Why Beethoven? Because he's constantly challenging, comforting but never comfortable and ultimately life-affirming. And, not least from a promoter’s point of view, Beethoven sells. In a concert overture like Coriolan, you have in condensed form what this composer is all about: sharp dramatic contrasts – the collision of fierce ethical values with the constraints of the real world – and the tenderest lyricism to give succour to the embattled soul. Starting off a concert with an overture has fallen somewhat out of fashion. Yet to do so has the beneficial effect of settling an audience and priming the orchestra. And if the arresting C minor chords that begin Coriolan don’t cow those still guilty of whispering, throat-clearing and rustling their sweet papers and programmes into instant submission, nothing ever will.
Caius Martius Coriolanus (the conqueror of Corioles) developed a highly-charged reputation for fearlessness but also stubbornness. It’s not Shakespeare’s blood-filled tragedy but a play by Beethoven’s contemporary and friend, Heinrich von Collin, that occasioned this musical portrait of the 5th-century Roman general. Delivered with appropriate vehemence by the Academy of St Martin in the Fields and directed by Tomo Keller from the Leader’s chair, this was a perfect demonstration of how unnecessary an additional presence on the podium is when there is a uniform sense of artistic purpose. With energising definition from the hard-sticked timpani and moments of agitation in the repeated string figurations atmospherically conveyed, this was an invigorating curtain-opener.
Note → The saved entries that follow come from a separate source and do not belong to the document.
(* Let $S$ be a strongly $E^*$-unitary inverse semigroup with pure grading $\varphi:S^\times\to\mathbb F[\mathcal A]$ such that $E_{st}\subseteq E_s$ whenever $|st|=|s|+|t|$, and let $R$ be a commutative unital ring. For each $a\in\mathcal A$ let $C_a\subseteq E_a$ be such that every $x\in E_a$ satisfies $x\le y$ for some $y\in C_a$, and let $C_{a^{-1}}\subseteq E_{a^{-1}}$ satisfy the analogous condition. Then $L_R(S,\varphi)$ is generated as an $R$-algebra by $$\{x\delta_e\}_{x\in E}\cup\{x\delta_a\}_{a\in\mathcal A,\,x\in C_a}\cup\{x\delta_{a^{-1}}\}_{a\in\mathcal A,\,x\in C_{a^{-1}}}.$$
   Context: $S$ is an inverse semigroup with zero, $s^*$ the unique inverse, $E$ the idempotents (meet semilattice with $x\wedge y=xy$, least element $0$), $S^\times=S\setminus\{0\}$, $E^\times=E\setminus\{0\}$. A pure grading is a map $\varphi:S^\times\to G$ to a group with $\varphi(ab)=\varphi(a)\varphi(b)$ whenever $ab\ne0$ and $\varphi^{-1}(1_G)=E^\times$. For $g\in G$, $E_g=\{x\in E: x\le ss^*$ for some $s$ with $\varphi(s)=g\}$ if $\varphi^{-1}(g)\ne\emptyset$, else $\{0\}$; $\phi_g:E_{g^{-1}}\to E_g$, $x\mapsto sxs^*$ ($\varphi(s)=g$, $x\le s^*s$). $|\cdot|$ is reduced word length in the free group $\mathbb F[\mathcal A]$; $e$ its identity. For a meet semilattice $P$ with $0$: a filter is a subset $F$, $\emptyset\ne F\ne P$, closed upwards and under meets; $F(P)$ has topology generated by $\{F:x\in F\}$; tight filters $T(P)$ are the closure of the ultrafilters; $V^P_{(x:x_1,\dots,x_n)}=\{\xi\in T(P):x\in\xi, x_i\notin\xi\}$, $V_x=V_{(x:)}$; $\mathcal T_c(P)$ is the generalized Boolean algebra of compact open subsets of $T(P)$. $\mathcal T_c(E_g)$ is identified with the ideal of $\mathcal T_c(E)$ of compact open sets contained in $\bigcup_{x\in E_g}V^E_x$, and $\hat\phi_g:\mathcal T_c(E_{g^{-1}})\to\mathcal T_c(E_g)$ is the isomorphism induced by $\phi_g$; $\Phi=(\{\mathcal T_c(E_g)\},\{\hat\phi_g\})$ is a partial action. For a partial action $\Phi=(\{\mathcal I_t\},\{\phi_t\})$ on a generalized Boolean algebra $\mathcal B$: $\mathrm{Lc}(R,\mathcal B)$ is the $R$-algebra of functions $f:R\setminus\{0\}\to\mathcal B$ with pairwise disjoint values, almost all $0$, viewed as $\sum_r r1_{f(r)}$ (equivalently locally constant compactly supported functions on the Stone dual); $1_U$ sends $1\mapsto U$, else $0$; $\mathrm{Lc}(R,\mathcal B)\rtimes_\Phi G$ consists of finite sums $\sum_t f_t\delta_t$, $f_t\in\mathrm{Lc}(R,\mathcal I_t)$, with $(a\delta_s)(b\delta_t)=\tilde\phi_s(\tilde\phi_{s^{-1}}(a)b)\delta_{st}$, $\tilde\phi_t(f)=\phi_t\circ f$. $L_R(S,\varphi):=\mathrm{Lc}(R,\mathcal T_c(E))\rtimes_\Phi G$, and for $x\in E_g$, $x\delta_g:=1_{V_x}\delta_g$. *)

From HB Require Import structures.
From mathcomp Require Import all_boot all_algebra.
From Stdlib Require Import ClassicalEpsilon.
Set Implicit Arguments. Unset Strict Implicit. Unset Printing Implicit Defensive.
Import GRing.Theory.

(* Free group F[A] on a set A (with decidable equality), as reduced words *)
(* over the letters (a, true) = a and (a, false) = a^{-1}.                *)

Definition cancels (A : eqType) (l m : A * bool) : bool :=
  (l.1 == m.1) && (l.2 != m.2).

Fixpoint reducedb (A : eqType) (w : seq (A * bool)) : bool :=
  match w with
  | l :: ((m :: _) as w') => ~~ cancels l m && reducedb w'
  | _ => true
  end.

Definition cons_red (A : eqType) (l : A * bool) (w : seq (A * bool)) :=
  match w with
  | m :: w' => if cancels l m then w' else l :: w
  | [::] => [:: l]
  end.

Lemma cons_red_reduced (A : eqType) l (w : seq (A * bool)) :
  reducedb w -> reducedb (cons_red l w).
Proof.
case: w => [|m w] //=; case: ifP => H.
- by case: w => [|k w] //= /andP[].
- by move=> Hw; rewrite /= H Hw.
Qed.

Lemma foldr_cons_red_reduced (A : eqType) (u v : seq (A * bool)) :
  reducedb v -> reducedb (foldr (@cons_red A) v u).
Proof. by elim: u => //= l u IH Hv; apply: cons_red_reduced; apply: IH. Qed.

Lemma foldl_inv_reduced (A : eqType) (w acc : seq (A * bool)) :
  reducedb acc ->
  reducedb (foldl (fun acc l => cons_red (l.1, ~~ l.2) acc) acc w).
Proof.
by elim: w acc => //= l w IH acc H; apply: IH; apply: cons_red_reduced.
Qed.

Definition FG (A : eqType) := {w : seq (A * bool) | reducedb w}.
HB.instance Definition _ (A : eqType) := Equality.copy (FG A) {w : seq (A * bool) | reducedb w}.

Definition fg_one (A : eqType) : FG A := exist _ [::] isT.

Definition fg_mul (A : eqType) (u v : FG A) : FG A :=
  exist _ (foldr (@cons_red A) (val v) (val u))
        (foldr_cons_red_reduced (val u) (valP v)).

Definition fg_inv (A : eqType) (u : FG A) : FG A :=
  exist _ (foldl (fun acc l => cons_red (l.1, ~~ l.2) acc) [::] (val u))
        (foldl_inv_reduced (val u) (isT : reducedb [::])).

Definition fg_gen (A : eqType) (a : A) : FG A := exist _ [:: (a, true)] isT.
Definition fg_geninv (A : eqType) (a : A) : FG A := exist _ [:: (a, false)] isT.

Definition fg_len (A : eqType) (g : FG A) : nat := size (val g).

(* regular semigroup with zero whose idempotents commute; sstar s is then *)
(* the unique inverse s^* of s *)
Record invsg := InvSg {
  isg_car :> Type;
  smul : isg_car -> isg_car -> isg_car;
  szero : isg_car;
  sstar : isg_car -> isg_car;
  smulA : forall a b c, smul a (smul b c) = smul (smul a b) c;
  smul0l : forall a, smul szero a = szero;
  smul0r : forall a, smul a szero = szero;
  sstar_inv1 : forall s, smul (smul s (sstar s)) s = s;
  sstar_inv2 : forall s, smul (smul (sstar s) s) (sstar s) = sstar s;
  sidem_comm : forall e f, smul e e = e -> smul f f = f -> smul e f = smul f e
}.

Definition idem (S : invsg) (x : S) : Prop := smul x x = x.
Definition sle (S : invsg) (x y : S) : Prop := x = smul x y.

(* pure grading phi : S^x -> G (phi is given on all of S; its value at 0 *)
(* plays no role) *)
Definition pure_grading (S : invsg) (G : Type) (gmul : G -> G -> G) (g1 : G)
  (phi : S -> G) : Prop :=
  (forall a b : S, smul a b <> szero S -> phi (smul a b) = gmul (phi a) (phi b)) /\
  (forall s : S, s <> szero S -> (phi s = g1 <-> idem s)).

Definition is_group (G : Type) (gmul : G -> G -> G) (ginv : G -> G) (g1 : G) :=
  (forall a b c, gmul a (gmul b c) = gmul (gmul a b) c) /\
  (forall a, gmul g1 a = a) /\ (forall a, gmul (ginv a) a = g1).

Definition strongly_Estar_unitary (S : invsg) : Prop :=
  exists (G : Type) (gmul : G -> G -> G) (ginv : G -> G) (g1 : G) (phi : S -> G),
    is_group gmul ginv g1 /\ pure_grading gmul g1 phi.

Definition Eg (S : invsg) (A : eqType) (phi : S -> FG A) (g : FG A) (x : S) : Prop :=
  idem x /\
  (x = szero S \/
   exists s : S, s <> szero S /\ phi s = g /\ sle x (smul s (sstar s))).

Definition is_filter (S : invsg) (F : S -> Prop) : Prop :=
  (forall x, F x -> idem x) /\
  (exists x, F x) /\
  (exists x, idem x /\ ~ F x) /\
  (forall x y, F x -> idem y -> sle x y -> F y) /\
  (forall x y, F x -> F y -> F (smul x y)).

Definition ultrafilter (S : invsg) (F : S -> Prop) : Prop :=
  is_filter F /\
  forall G : S -> Prop, is_filter G -> (forall x, F x -> G x) -> forall x, G x -> F x.

(* basic open sets of the (patch) topology on filters:                    *)
Definition inB (S : invsg) (xs ys : seq S) (F : S -> Prop) : Prop :=
  (forall x, List.In x xs -> F x) /\ (forall y, List.In y ys -> ~ F y).

(* tight filters = closure of the ultrafilters *)
Definition tight (S : invsg) (F : S -> Prop) : Prop :=
  is_filter F /\
  forall xs ys, inB xs ys F -> exists U, ultrafilter U /\ inB xs ys U.

Definition openT (S : invsg) (O : (S -> Prop) -> Prop) : Prop :=
  (forall xi, O xi -> tight xi) /\
  forall xi, O xi -> exists xs ys, inB xs ys xi /\
    forall eta, tight eta -> inB xs ys eta -> O eta.

Definition compactT (S : invsg) (K : (S -> Prop) -> Prop) : Prop :=
  forall (I : Type) (O : I -> (S -> Prop) -> Prop),
    (forall i, openT (O i)) ->
    (forall xi, K xi -> exists i, O i xi) ->
    exists s : list I, forall xi, K xi -> exists2 i, List.In i s & O i xi.

Definition Vx (S : invsg) (x : S) : (S -> Prop) -> Prop :=
  fun xi => tight xi /\ xi x.

(* union of V_x, x in E_g: the domain of the ideal T_c(E_g) *)
Definition Dg (S : invsg) (A : eqType) (phi : S -> FG A) (g : FG A) :
  (S -> Prop) -> Prop :=
  fun xi => tight xi /\ exists x, Eg phi g x /\ xi x.

(* the map on tight filters induced by phi_g : E_{g^-1} -> E_g,            *)
(* theta_g(xi) = upward closure of phi_g(xi /\ E_{g^-1}),                 *)
(* phi_g(x) = s x s^* with phi(s) = g, x <= s^* s                          *)
Definition theta (S : invsg) (A : eqType) (phi : S -> FG A) (g : FG A)
  (xi : S -> Prop) : S -> Prop :=
  fun y => idem y /\ exists x s, xi x /\ s <> szero S /\ phi s = g /\
    sle x (smul (sstar s) s) /\ sle (smul (smul s x) (sstar s)) y.

Definition pdec (P : Prop) : bool :=
  if excluded_middle_informative P then true else false.

Definition ind (S : invsg) (R : comPzRingType) (U : (S -> Prop) -> Prop) :
  (S -> Prop) -> R := fun xi => if pdec (U xi) then 1%R else 0%R.

Definition Lc_in (S : invsg) (A : eqType) (phi : S -> FG A) (R : comPzRingType)
  (t : FG A) (f : (S -> Prop) -> R) : Prop :=
  exists l : seq (R * ((S -> Prop) -> Prop)),
    (forall p, List.In p l ->
       compactT p.2 /\ openT p.2 /\ forall xi, p.2 xi -> Dg phi t xi) /\
    forall xi, f xi = (\sum_(p <- l) p.1 * ind R p.2 xi)%R.

Definition tphi (S : invsg) (A : eqType) (phi : S -> FG A) (R : comPzRingType)
  (g : FG A) (f : (S -> Prop) -> R) : (S -> Prop) -> R :=
  fun xi => if pdec (Dg phi g xi) then f (theta phi (fg_inv g) xi) else 0%R.

(* elements of L_R(S, phi) as formal finite sums  sum f_t delta_t *)
Definition LRelt (S : invsg) (A : eqType) (R : comPzRingType) :=
  seq (FG A * ((S -> Prop) -> R)).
The rest of the evening belonged to Murray Perahia. It was clear from the outset of the B flat major concerto (the first, not the second, of Beethoven’s keyboard concertos) that the soloist and the ensemble he was directing were entirely on the same wavelength. With the strings tripping the light fantastic and then yielding to Perahia’s first impish entry, here was a musical representation of a young man breathing in all the joys of the world. Energy was in overdrive, to the extent that the start of the cadenza sounded almost like a turbo-propelled Bach chaconne, but the mercurial shifts in tone and emphasis, with hints of the demonic towards the close, provided a satisfying foil. Those tantalising glimpses of profundity in Beethoven’s already quite mature writing in the Adagio – taken more briskly than is usually the case – brought to mind one of the many apposite quotations from Goethe’s Faust, “Verweile doch! Du bist so schön!”. If only Perahia had lingered just a little longer over those curling phrases, it would have contrasted even more satisfyingly with the devil-take-the-hindmost abandon of the finale. In this the soloist had the bit between his teeth, was up and away like the gambolling lambs in the spring sunshine, with not a care in the world. Perhaps Beethoven’s underlying element of cheekiness was in short supply – the way in which he deliberately plays with his listeners and turns ideas on their musical head – but this was still playing of exceptional quality.